First, appellant contends that his plea was
not voluntary because it was not clearly explained on the record that he would
go to prison for 86 months if he were found unamenable to treatment. But appellant’s attorney referred to “the
86-month sentence” at the hearing and the plea petition itself stated that the
maximum sentence for appellant’s offense was 30 years. Appellant replied in the affirmative when
the court asked him if he had gone over both sides of the plea petition with
his lawyer, if he understood everything written on it, and if he had signed it
acknowledging that he understood it. Thus,
the record demonstrates that appellant’s plea was voluntary. State v. Brown, ___ N.W.2d ___, ___, 2000
WL 210204, at *3, *4 (Minn. 2000) (defendant who understood that he risked an
executed double durational departure sentence and received an aggregate
sentence of less than the double of durational departure cannot successfully argue
that his plea was unknowing).
Appellant next contends that his plea was not intelligently made
because the district court’s agreement to it was contingent on appellant being
found amenable to treatment, a standard that appellant claims is
imprecise. But the district court
clearly stated that “the bottom line here is amenability to treatment,” and
appellant’s attorney replied, “[t]hat’s my understanding.” Both appellant and his attorney understood
the implications of finding appellant amenable to treatment. There was no manifest injustice in
appellant’s guilty plea.
Finally, appellant argues that he should be permitted to withdraw
his guilty plea because his plea agreement did not include the mandatory
conditional release term. He relies on State v.

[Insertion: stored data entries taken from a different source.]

(* Let $0<q<1$, $m,n\in\mathbb N_0$, $z_1,z_2\in\mathbb C$. (i) If $|bq|<1$ and $u,v\in\mathbb C$ are sufficiently small (e.g. $|uz_1|,|vz_2|,|uv|<1$), then $$\sum_{m,n=0}^\infty\frac{p_{m,n}(z_1,z_2;b|q)}{(q;q)_m(q;q)_n}u^mv^n=(bq;q)_\infty\sum_{j=0}^\infty\frac{(bq)^j}{(q;q)_j}\frac{(uvq^j;q)_\infty}{(uz_1q^j,vz_2q^j;q)_\infty}=\frac{(bq,uv;q)_\infty}{(uz_1,vz_2;q)_\infty}\sum_{j=0}^\infty\frac{(uz_1,vz_2;q)_j}{(q,uv;q)_j}(bq)^j.$$ (ii) If $|bq|<1$, $|cq|<1$ and $b\ne0$, then $$\frac{p_{m,n}(z_1,z_2;b|q)}{(bq;q)_\infty}=\sum_{j=0}^\infty\frac{(c/b;q)_j}{(q;q)_j}\big(bq^{\frac{m+n}2+1}\big)^j\frac{p_{m,n}(z_1q^{j/2},z_2q^{j/2};c|q)}{(cq;q)_\infty}.$$ (iii) If $|bq|<1$, then $$\frac{p_{m,n}(z_1,z_2;b|q)}{(bq;q)_\infty}=\sum_{j=0}^\infty\frac{\big(bq^{(m+n)/2+1}\big)^j}{(q;q)_j}H_{m,n}(z_1q^{j/2},z_2q^{j/2}|q),$$ and conversely $$H_{m,n}(z_1,z_2|q)=\frac{1}{(bq;q)_\infty}\sum_{k=0}^\infty\frac{\big(-bq^{(m+n)/2+1}\big)^k}{(q;q)_k}q^{\binom k2}p_{m,n}(z_1q^{k/2},z_2q^{k/2};b|q).$$
   Context: $(a;q)_n=\prod_{j=0}^{n-1}(1-aq^j)$, $(a;q)_\infty=\prod_{j\ge0}(1-aq^j)$, $(a_1,\dots,a_r;q)_n=\prod_i(a_i;q)_n$, $\left[{m\atop k}\right]_q=\frac{(q;q)_m}{(q;q)_k(q;q)_{m-k}}$, $m\wedge n=\min\{m,n\}$. The first $q$-$2D$-Hermite polynomials are $$H_{m,n}(z_1,z_2|q)=\sum_{k=0}^{m\wedge n}\left[{m\atop k}\right]_q\left[{n\atop k}\right]_q(-1)^kq^{\binom k2}(q;q)_k\,z_1^{m-k}z_2^{n-k},$$ and the $q$-$2D$ ultraspherical polynomials are $$p_{m,n}(z_1,z_2;b|q)=\sum_{k=0}^{m\wedge n}\left[{m\atop k}\right]_q\left[{n\atop k}\right]_q(-1)^kq^{\binom k2}(q;q)_k\,(bq;q)_{m+n-k}\,z_1^{m-k}z_2^{n-k}.$$ *)

From Stdlib Require Import Reals ClassicalEpsilon.
Open Scope R_scope.

Definition Cplx : Type := (R * R)%type.
Definition RtoC (r : R) : Cplx := (r, 0).
Definition Czero : Cplx := (0, 0).
Definition Cone : Cplx := (1, 0).
Definition Cadd (z w : Cplx) : Cplx := (fst z + fst w, snd z + snd w).
Definition Copp (z : Cplx) : Cplx := (- fst z, - snd z).
Definition Csub (z w : Cplx) : Cplx := Cadd z (Copp w).
Definition Cmul (z w : Cplx) : Cplx :=
  (fst z * fst w - snd z * snd w, fst z * snd w + snd z * fst w).
Definition Cinv (z : Cplx) : Cplx :=
  (fst z / (fst z ^ 2 + snd z ^ 2), - snd z / (fst z ^ 2 + snd z ^ 2)).
Definition Cdiv (z w : Cplx) : Cplx := Cmul z (Cinv w).
Definition Cnorm (z : Cplx) : R := sqrt (fst z ^ 2 + snd z ^ 2).
Fixpoint Cpow (z : Cplx) (n : nat) : Cplx :=
  match n with O => Cone | S n => Cmul (Cpow z n) z end.

Declare Scope C_scope.
Delimit Scope C_scope with C.
Infix "+" := Cadd : C_scope.
Infix "-" := Csub : C_scope.
Infix "*" := Cmul : C_scope.
Infix "/" := Cdiv : C_scope.
Notation "- z" := (Copp z) : C_scope.
Infix "^" := Cpow : C_scope.

(* finite sums / products over j = 0 .. n-1 *)
Fixpoint Csum_to (n : nat) (f : nat -> Cplx) : Cplx :=
  match n with O => Czero | S n => Cadd (Csum_to n f) (f n) end.
Fixpoint Cprod_to (n : nat) (f : nat -> Cplx) : Cplx :=
  match n with O => Cone | S n => Cmul (Cprod_to n f) (f n) end.

Definition Ccv (u : nat -> Cplx) (l : Cplx) : Prop :=
  forall eps : R, 0 < eps -> exists N : nat, forall k : nat,
    (N <= k)%nat -> Cnorm (Csub (u k) l) < eps.

(* the limit of u, if it exists (chosen classically) *)
Definition Clim (u : nat -> Cplx) : Cplx :=
  epsilon (inhabits Czero) (fun l : Cplx => Ccv u l).

Definition Cseries_cv (f : nat -> Cplx) (l : Cplx) : Prop :=
  Ccv (fun N => Csum_to N f) l.

(* sum_{m,n>=0} F m n = l, via square partial sums *)
Definition Cdouble_series_cv (F : nat -> nat -> Cplx) (l : Cplx) : Prop :=
  Ccv (fun N => Csum_to N (fun m => Csum_to N (fun n => F m n))) l.

Definition qpoch (a : Cplx) (q : R) (n : nat) : Cplx :=
  Cprod_to n (fun j => Csub Cone (Cmul a (RtoC (q ^ j)))).
Definition qpoch_inf (a : Cplx) (q : R) : Cplx := Clim (fun N => qpoch a q N).

Definition qbinom (m k : nat) (q : R) : Cplx :=
  Cdiv (qpoch (RtoC q) q m)
       (Cmul (qpoch (RtoC q) q k) (qpoch (RtoC q) q (m - k))).

Definition binom2 (k : nat) : nat := Nat.div (k * (k - 1)) 2.

(* k-th summand common to H and p, without the (bq;q)_{m+n-k} factor *)
Definition qterm (m n k : nat) (z1 z2 : Cplx) (q : R) : Cplx :=
  (qbinom m k q * qbinom n k q * Cpow (Copp Cone) k * RtoC (q ^ binom2 k)
   * qpoch (RtoC q) q k * Cpow z1 (m - k) * Cpow z2 (n - k))%C.

Definition qH (m n : nat) (z1 z2 : Cplx) (q : R) : Cplx :=
  Csum_to (S (Nat.min m n)) (fun k => qterm m n k z1 z2 q).

Definition qP (m n : nat) (z1 z2 b : Cplx) (q : R) : Cplx :=
  Csum_to (S (Nat.min m n))
    (fun k => Cmul (qterm m n k z1 z2 q)
                   (qpoch (Cmul b (RtoC q)) q (m + n - k))).

From Stdlib Require Import Reals Lra Lia Arith ClassicalEpsilon.
From Coquelicot Require Complex.
Open Scope R_scope.

(* The q-binomial series [sum_j (A;q)_j/(q;q)_j x^j] and Euler's series
   [sum_j (-1)^j q^(j(j-1)/2)/(q;q)_j x^j] have coefficients obeying a first-order recurrence,
   so their sums satisfy [(1 - al y) F(y) = (1 - A y) F(q y)]; iterating and letting
   [q^M y -> 0] gives [F(x) = (Ax;q)_oo/(x;q)_oo], resp. [F(x) = (x;q)_oo] (which also shows
   that [(x;q)_N] converges at all).
   Replacing [z_i] by [z_i q^(j/2)] multiplies the [k]-th term of [p_{m,n}] by [q^(j(m+n-2k)/2)],
   so the series in (ii) and (iii) are finite sums over [k] of q-binomial (with [A = c/b], resp.
   [A = 0]) or Euler series; these are summed in closed form and the telescoping
   [(c q;q)_M (c q^(M+1);q)_oo = (c q;q)_oo] matches both sides.
   For (i), [(bq;q)_(m+n-k)/(bq;q)_oo] is itself a q-binomial series in [j]. The square partial
   sums in [m, n] of the resulting triple sum are the partial sums of the product of Euler's
   series for [(uv q^j;q)_oo] with the series for [1/(u z1 q^j;q)_oo] and [1/(v z2 q^j;q)_oo],
   and Tannery's theorem exchanges the limit with the sum over [j]. Splitting [(x;q)_j] off
   each [(x;q)_oo] gives the second form. *)

Lemma Cplx_ext (a b : Cplx) : fst a = fst b -> snd a = snd b -> a = b.
Proof. destruct a, b; simpl; intros; subst; reflexivity. Qed.

(* [Cplx] and its operations are convertible to Coquelicot's [C]. *)
Lemma Cfield : field_theory Czero Cone Cadd Cmul Csub Copp Cdiv Cinv (@eq Cplx).
Proof. exact Complex.C_field_theory. Qed.

Add Field Cfield_inst : Cfield.

Local Open Scope C_scope.
Arguments Cnorm z%_C_scope.
Arguments RtoC r%_R_scope.
Arguments Cadd (z w)%_C_scope.
Arguments Csub (z w)%_C_scope.
Arguments Cmul (z w)%_C_scope.
Arguments Cdiv (z w)%_C_scope.
Arguments Copp z%_C_scope.
Arguments Cinv z%_C_scope.
Arguments Cpow z%_C_scope n%_nat_scope.

Lemma Cone_neq0 : Cone <> Czero.
Proof. exact (F_1_neq_0 Cfield). Qed.

Lemma Cmul_neq0 (a b : Cplx) : a <> Czero -> b <> Czero -> a * b <> Czero.
Proof.
  intros Ha Hb E. apply Ha. replace a with (a * b * Cinv b) by (field; auto). rewrite E; ring.
Qed.

Lemma Cmul_neq0_l (a b : Cplx) : a * b <> Czero -> a <> Czero.
Proof. intros H E. apply H. rewrite E. ring. Qed.

Lemma Cmul_neq0_r (a b : Cplx) : a * b <> Czero -> b <> Czero.
Proof. intros H E. apply H. rewrite E. ring. Qed.

Lemma RtoC_mul (a b : R) : RtoC (a * b) = RtoC a * RtoC b.
Proof. apply Cplx_ext; simpl; ring. Qed.

Lemma RtoC_sub (a b : R) : RtoC (a - b) = RtoC a - RtoC b.
Proof. apply Cplx_ext; simpl; ring. Qed.

Lemma RtoC_1 : RtoC 1 = Cone.
Proof. reflexivity. Qed.

Lemma Cmul_assoc (a b c : Cplx) : a * b * c = a * (b * c).
Proof. ring. Qed.

Lemma Cpow_S (z : Cplx) n : z ^ S n = z ^ n * z.
Proof. reflexivity. Qed.

Lemma Cpow_RtoC (r : R) n : RtoC r ^ n = RtoC (r ^ n).
Proof. induction n; simpl; [reflexivity | rewrite IHn, RtoC_mul; ring]. Qed.

Lemma Cpow_add (z : Cplx) m n : z ^ (m + n) = z ^ m * z ^ n.
Proof.
  induction n; [rewrite Nat.add_0_r; simpl; ring |].
  rewrite Nat.add_succ_r; simpl; rewrite IHn; ring.
Qed.

Lemma Cpow_mul_distr (a b : Cplx) n : (a * b) ^ n = a ^ n * b ^ n.
Proof. induction n; simpl; [ring | rewrite IHn; ring]. Qed.

Lemma Cnorm_mul (a b : Cplx) : Cnorm (a * b) = (Cnorm a * Cnorm b)%R.
Proof. exact (Complex.Cmod_mult a b). Qed.

Lemma Cnorm_triangle (a b : Cplx) : Cnorm (a + b) <= Cnorm a + Cnorm b.
Proof. exact (Complex.Cmod_triangle a b). Qed.

Lemma Cnorm_ge0 (a : Cplx) : 0 <= Cnorm a.
Proof. exact (Complex.Cmod_ge_0 a). Qed.

Lemma Cnorm_opp (a : Cplx) : Cnorm (- a) = Cnorm a.
Proof. exact (Complex.Cmod_opp a). Qed.

Lemma Cnorm_RtoC (r : R) : Cnorm (RtoC r) = Rabs r.
Proof. exact (Complex.Cmod_R r). Qed.

Lemma Cnorm_eq0 (a : Cplx) : Cnorm a = 0 -> a = Czero.
Proof. exact (Complex.Cmod_eq_0 a). Qed.

Lemma Cnorm_zero : Cnorm Czero = 0.
Proof. exact Complex.Cmod_0. Qed.

Lemma Cnorm_one : Cnorm Cone = 1.
Proof. exact Complex.Cmod_1. Qed.

Lemma Cnorm_inv (a : Cplx) : a <> Czero -> Cnorm (Cinv a) = / Cnorm a.
Proof. exact (Complex.Cmod_inv a). Qed.

Lemma Cnorm_fst (a : Cplx) : Rabs (fst a) <= Cnorm a.
Proof. exact (Complex.re_le_Cmod a). Qed.

Lemma Cnorm_snd (a : Cplx) : Rabs (snd a) <= Cnorm a.
Proof. exact (Rle_trans _ _ _ (Rmax_r _ _) (Complex.Rmax_Cmod a)). Qed.

Lemma Cnorm_pos (a : Cplx) : a <> Czero -> 0 < Cnorm a.
Proof. exact (proj1 (Complex.Cmod_gt_0 a)). Qed.

Lemma Cnorm_pow (a : Cplx) n : Cnorm (a ^ n) = (Cnorm a ^ n)%R.
Proof. induction n; simpl; [apply Cnorm_one | rewrite Cnorm_mul, IHn; ring]. Qed.

Lemma Cnorm_sub (a b : Cplx) : Cnorm (a - b) <= Cnorm a + Cnorm b.
Proof. unfold Csub. rewrite <- (Cnorm_opp b). apply Cnorm_triangle. Qed.

Lemma Cnorm_sub_sym (a b : Cplx) : Cnorm (a - b) = Cnorm (b - a).
Proof. replace (a - b) with (- (b - a)) by ring. apply Cnorm_opp. Qed.

Lemma Cnorm_sub_triangle (a b c : Cplx) : Cnorm (a - c) <= Cnorm (a - b) + Cnorm (b - c).
Proof. replace (a - c) with ((a - b) + (b - c)) by ring. apply Cnorm_triangle. Qed.

Lemma Cnorm_le_parts (a : Cplx) : Cnorm a <= Rabs (fst a) + Rabs (snd a).
Proof.
  destruct a as [x y]. unfold Cnorm; simpl.
  rewrite <- (sqrt_Rsqr (Rabs x + Rabs y)) by (pose proof (Rabs_pos x); pose proof (Rabs_pos y); lra).
  apply sqrt_le_1_alt. unfold Rsqr.
  assert (Ex : (x ^ 2 = Rabs x * Rabs x)%R) by (rewrite <- Rabs_mult, Rabs_pos_eq; nra).
  assert (Ey : (y ^ 2 = Rabs y * Rabs y)%R) by (rewrite <- Rabs_mult, Rabs_pos_eq; nra).
  pose proof (Rabs_pos x); pose proof (Rabs_pos y). nra.
Qed.

Lemma Cnorm_scale_le (z T : Cplx) : Cnorm T <= 1 -> Cnorm (z * T) <= Cnorm z.
Proof. intros HT. rewrite Cnorm_mul. pose proof (Cnorm_ge0 z); pose proof (Cnorm_ge0 T). nra. Qed.

Fixpoint Rsum_to (n : nat) (f : nat -> R) : R :=
  match n with O => 0%R | S n => (Rsum_to n f + f n)%R end.

Lemma Csum_S n f : Csum_to (S n) f = Csum_to n f + f n.
Proof. reflexivity. Qed.

Lemma Csum_ext N f g : (forall k, (k < N)%nat -> f k = g k) -> Csum_to N f = Csum_to N g.
Proof. induction N; intros H; simpl; auto. rewrite IHN, H; auto. Qed.

Lemma Csum_zero N : Csum_to N (fun _ => Czero) = Czero.
Proof. induction N; simpl; auto. rewrite IHN; ring. Qed.

Lemma Csum_add N f g : Csum_to N (fun k => f k + g k) = Csum_to N f + Csum_to N g.
Proof. induction N; simpl; [apply Cplx_ext; simpl; ring | rewrite IHN; ring]. Qed.

Lemma Csum_sub N f g : Csum_to N (fun k => f k - g k) = Csum_to N f - Csum_to N g.
Proof. induction N; simpl; [apply Cplx_ext; simpl; ring | rewrite IHN; ring]. Qed.

Lemma Csum_scal_l N c f : Csum_to N (fun k => c * f k) = c * Csum_to N f.
Proof. induction N; simpl; [apply Cplx_ext; simpl; ring | rewrite IHN; ring]. Qed.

Garcia, 582 N.W.2d 879, 880 (Minn. 1998), for this argument. Garcia holds that
a defendant
who enters into a plea agreement for a sentence that fails to include a
conditional release term required by law may either withdraw the guilty plea or
accept the agreed upon sentence as amended to include the additional conditional
release term, but may not obtain specific performance of the original plea
agreement.
Id. at
880. But Garcia is
distinguishable. In that case, the
defendant agreed to plead guilty to a lesser charge in exchange for a specific
sentence. Id. Here, appellant was not offered the option
of agreeing to a specific sentence because the court would not agree to any
particular sentence until the results of the sex-offender evaluation were
available. See also State v. Jumping Eagle,
602 N.W.2d 653, 655 (Minn. App. 1999) (Garcia does not control where a plea agreement
did not indicate a sentence but provided for sentencing if probation were revoked,
and mandatory conditional release is not relevant until probation is revoked
and sentence is executed), review granted and stayed (Minn. Jan. 25,
2000).
There was no abuse of discretion in the
denial of appellant’s motion to withdraw his guilty plea.
Affirmed.
[1] This is the second appeal. Appellant withdrew his first appeal and moved to remand to the district court for reconsideration in light of State v. Garcia, 582 N.W.2d 879 (Minn. 1998). Appellant’s motion to withdraw was again denied, and he filed this appeal.